ASSIGNMENT: From the entries below, gather each line containing the word "whose".

┌──

(* For every $n\ge1$, there is a bijection between the set of walks of length $2n-2$ in the path graph $P_7$ that start and end at the middle vertex $v_4$ and the set of rectangular permutations in $S_n$.
   Context: $P_7$ is the path graph with vertices $v_1,\dots,v_7$ and edges $v_iv_{i+1}$ for $1\le i\le 6$. A walk of length $\ell$ is a sequence of vertices $w_0,w_1,\dots,w_\ell$ with $w_{j-1}$ and $w_j$ adjacent for all $j$. A permutation is rectangular if it avoids the patterns $2413$, $2431$, $4213$ and $4231$. *)

From mathcomp Require Import all_boot all_order all_fingroup.
Set Implicit Arguments. Unset Strict Implicit. Unset Printing Implicit Defensive.

(* Vertices of P_7: v_1,...,v_7 are represented by 0,...,6 : 'I_7,
   i.e. v_i is the ordinal of value i-1.  Edges: v_i v_(i+1). *)
Definition P7_adj (a b : 'I_7) : bool := (a.+1 == b :> nat) || (b.+1 == a :> nat).

Definition v4 : 'I_7 := inord 3.

(* A walk of length l is a sequence w_0, ..., w_l of vertices, encoded as a
   finite function 'I_l.+1 -> 'I_7, with consecutive vertices adjacent. *)
Definition is_walk (l : nat) (w : {ffun 'I_l.+1 -> 'I_7}) : bool :=
  [forall j : 'I_l, P7_adj (w (widen_ord (leqnSn l) j)) (w (lift ord0 j))].

Definition closed_walk_v4 (l : nat) (w : {ffun 'I_l.+1 -> 'I_7}) : bool :=
  [&& is_walk w, w ord0 == v4 & w ord_max == v4].

(* Classical pattern containment: s : S_n contains the pattern p
   (a permutation of {1..k} written in one-line notation as a list)
   if there are positions f 0 < ... < f (k-1) whose values are
   order-isomorphic to p. *)
Definition contains_pattern (n : nat) (s : 'S_n) (p : seq nat) : bool :=
  [exists f : {ffun 'I_(size p) -> 'I_n},
     [forall a : 'I_(size p), forall b : 'I_(size p),
        (a < b) ==> (f a < f b)] &&
     [forall a : 'I_(size p), forall b : 'I_(size p),
        (s (f a) < s (f b)) == (nth 0 p a < nth 0 p b)]].

Definition avoids (n : nat) (s : 'S_n) (p : seq nat) : bool :=
  ~~ contains_pattern s p.

Definition rectangular (n : nat) (s : 'S_n) : bool :=
  [&& avoids s [:: 2; 4; 1; 3], avoids s [:: 2; 4; 3; 1],
      avoids s [:: 4; 2; 1; 3] & avoids s [:: 4; 2; 3; 1]].

(* Both sides are counted.  Grouping the steps of a walk in pairs shows that the
   closed walks at v_4 of length 2m satisfy a(m+2) = 4 a(m+1) - 2 a(m).  On the
   other side, s is rectangular iff for every t the set of values at positions
   >= t never alternates in, out, in, out with its complement along [0, n).
   Such a set is a block of consecutive values followed, after a gap, by a final
   segment [c, n); counting the ways to empty it one value at a time while
   staying in this family gives the triangle [block_count], whose column 0
   satisfies the same recurrence with the same initial values 1, 2. *)

From mathcomp Require Import all_boot all_order all_fingroup zify.
Set Implicit Arguments. Unset Strict Implicit. Unset Printing Implicit Defensive.

Lemma card_eq_bijective (T1 T2 : finType) :
  #|T1| = #|T2| -> exists f : T1 -> T2, bijective f.
Proof.
move=> eT; pose f x := enum_val (cast_ord eT (enum_rank x)).
have f_inj : injective f.
  exact: inj_comp enum_val_inj (inj_comp (cast_ord_inj (eq_n:=eT)) enum_rank_inj).
by exists f; apply: inj_card_bij f_inj _; rewrite eT.
Qed.

Lemma card_preim_count (T : finType) (U : eqType) (f : T -> U) (S : seq U)
    (P : pred U) :
  injective f -> (forall x, f x \in S) -> size S <= #|T| ->
  #|[pred x | P (f x)]| = count P S.
Proof.
move=> f_inj fS leST.
have uniq_fT : uniq (map f (enum T)) by rewrite map_inj_uniq ?enum_uniq.
have sub_fT : {subset map f (enum T) <= S} by move=> _ /mapP [x _ ->]; exact: fS.
have leS : size S <= size (map f (enum T)) by rewrite size_map -cardT.
have [_ eq_fT] := uniq_min_size uniq_fT sub_fT leS.
have uniqS := leq_size_uniq uniq_fT sub_fT leS.
rewrite -(seq.permP (uniq_perm uniq_fT uniqS eq_fT)) count_map.
by rewrite cardE /enum_mem size_filter filter_predT.
Qed.

Lemma count_allpairs_cons (T : Type) (s : seq T) (t : T -> seq (seq T))
    (P : pred (seq T)) :
  count P [seq x :: w | x <- s, w <- t x] =
  \sum_(x <- s) count (fun w => P (x :: w)) (t x).
Proof.
by rewrite count_flatten sumnE !big_map; apply: eq_bigr => x _; rewrite count_map.
Qed.

Lemma sum_nat_first (f : nat -> nat) m n : m < n ->
  (forall x, m < x < n -> f x = 0) -> \sum_(m <= x < n) f x = f m.
Proof.
move=> lt_mn f0; rewrite big_ltn // big_nat_cond big1 ?addn0 // => x.
by rewrite andbT => /f0.
Qed.

Lemma sum_nat_ends (f : nat -> nat) m n v : m < n -> f m = v -> f n.-1 = v ->
  (forall x, m < x < n.-1 -> f x = 0) ->
  \sum_(m <= x < n) f x = (if n == m.+1 then 1 else 2) * v.
Proof.
move=> lt_mn fm fn f0; have [-> | ne_n] := eqVneq n m.+1.
  by rewrite big_nat1 fm mul1n.
have le_mn' : m < n.-1 by lia.
rewrite -(ltn_predK lt_mn) big_nat_recr ?(ltnW le_mn') //= sum_nat_first // fm fn; lia.
Qed.

Lemma eq_rec_4_2 (u v : nat -> nat) : u 0 = v 0 -> u 1 = v 1 ->
  (forall m, u m.+2 + 2 * u m = 4 * u m.+1) ->
  (forall m, v m.+2 + 2 * v m = 4 * v m.+1) -> u =1 v.
Proof.
move=> u0 u1 urec vrec m; suff [] : u m = v m /\ u m.+1 = v m.+1 by [].
elim: m => [|m [IHm IHm1]] //; split=> //.
by have := urec m; have := vrec m; lia.
Qed.

Fixpoint words (T : Type) (s : seq T) (k : nat) : seq (seq T) :=
  if k is k'.+1 then [seq x :: w | x <- s, w <- words s k'] else [:: [::]].

Lemma size_words (T : Type) (s : seq T) k : size (words s k) = size s ^ k.
Proof. by elim: k => //= k IHk; rewrite size_allpairs IHk expnS. Qed.

Lemma count_words_succ (T : Type) (s : seq T) k (P : pred (seq T)) :
  count P (words s k.+1) = \sum_(x <- s) count (fun w => P (x :: w)) (words s k).
Proof. exact: count_allpairs_cons. Qed.

Lemma mem_words (T : eqType) (s : seq T) k w :
  (w \in words s k) = (size w == k) && all (mem s) w.
Proof.
elim: k w => [|k IHk] w; first by case: w.
apply/allpairsP/idP => [[[x v] /= [sx]] | ].
  by rewrite IHk => /andP [/eqP <- vs] ->; rewrite /= eqxx sx.
case: w => [|x w] //= /andP [sw /andP [sx ws]].
by exists (x, w); rewrite IHk -(eqSS (size w)) sw ws.
Qed.

Definition word_of (k m : nat) (f : 'I_k -> 'I_m) : seq nat :=
  [seq val (f i) | i <- enum 'I_k].

Lemma size_word_of k m (f : 'I_k -> 'I_m) : size (word_of f) = k.
Proof. by rewrite size_map size_enum_ord. Qed.

Lemma nth_word_of k m (f : 'I_k -> 'I_m) (i : 'I_k) : nth 0 (word_of f) i = f i.
Proof. by rewrite (nth_map i) ?size_enum_ord // nth_ord_enum. Qed.

Lemma word_of_inj k m (f g : 'I_k -> 'I_m) : word_of f = word_of g -> f =1 g.
Proof. by move=> efg i; apply: val_inj; rewrite /= -!nth_word_of efg. Qed.

Lemma word_of_in_words k m (f : 'I_k -> 'I_m) : word_of f \in words (iota 0 m) k.
Proof.
rewrite mem_words size_word_of eqxx; apply/allP => _ /mapP [i _ ->].
by rewrite inE mem_iota ltn_ord.
Qed.

Definition adj_nat (a b : nat) : bool := (a.+1 == b) || (b.+1 == a).

Fixpoint walks_to_v4 (k u : nat) : nat :=
  if k is k'.+1 then
    (if u is u'.+1 then walks_to_v4 k' u' else 0) +
    (if u < 6 then walks_to_v4 k' u.+1 else 0)
  else u == 3.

└──

EXERCISE RESPONSE:
   if there are positions f 0 < ... < f (k-1) whose values are
   staying in this family gives the triangle [block_count], whose column 0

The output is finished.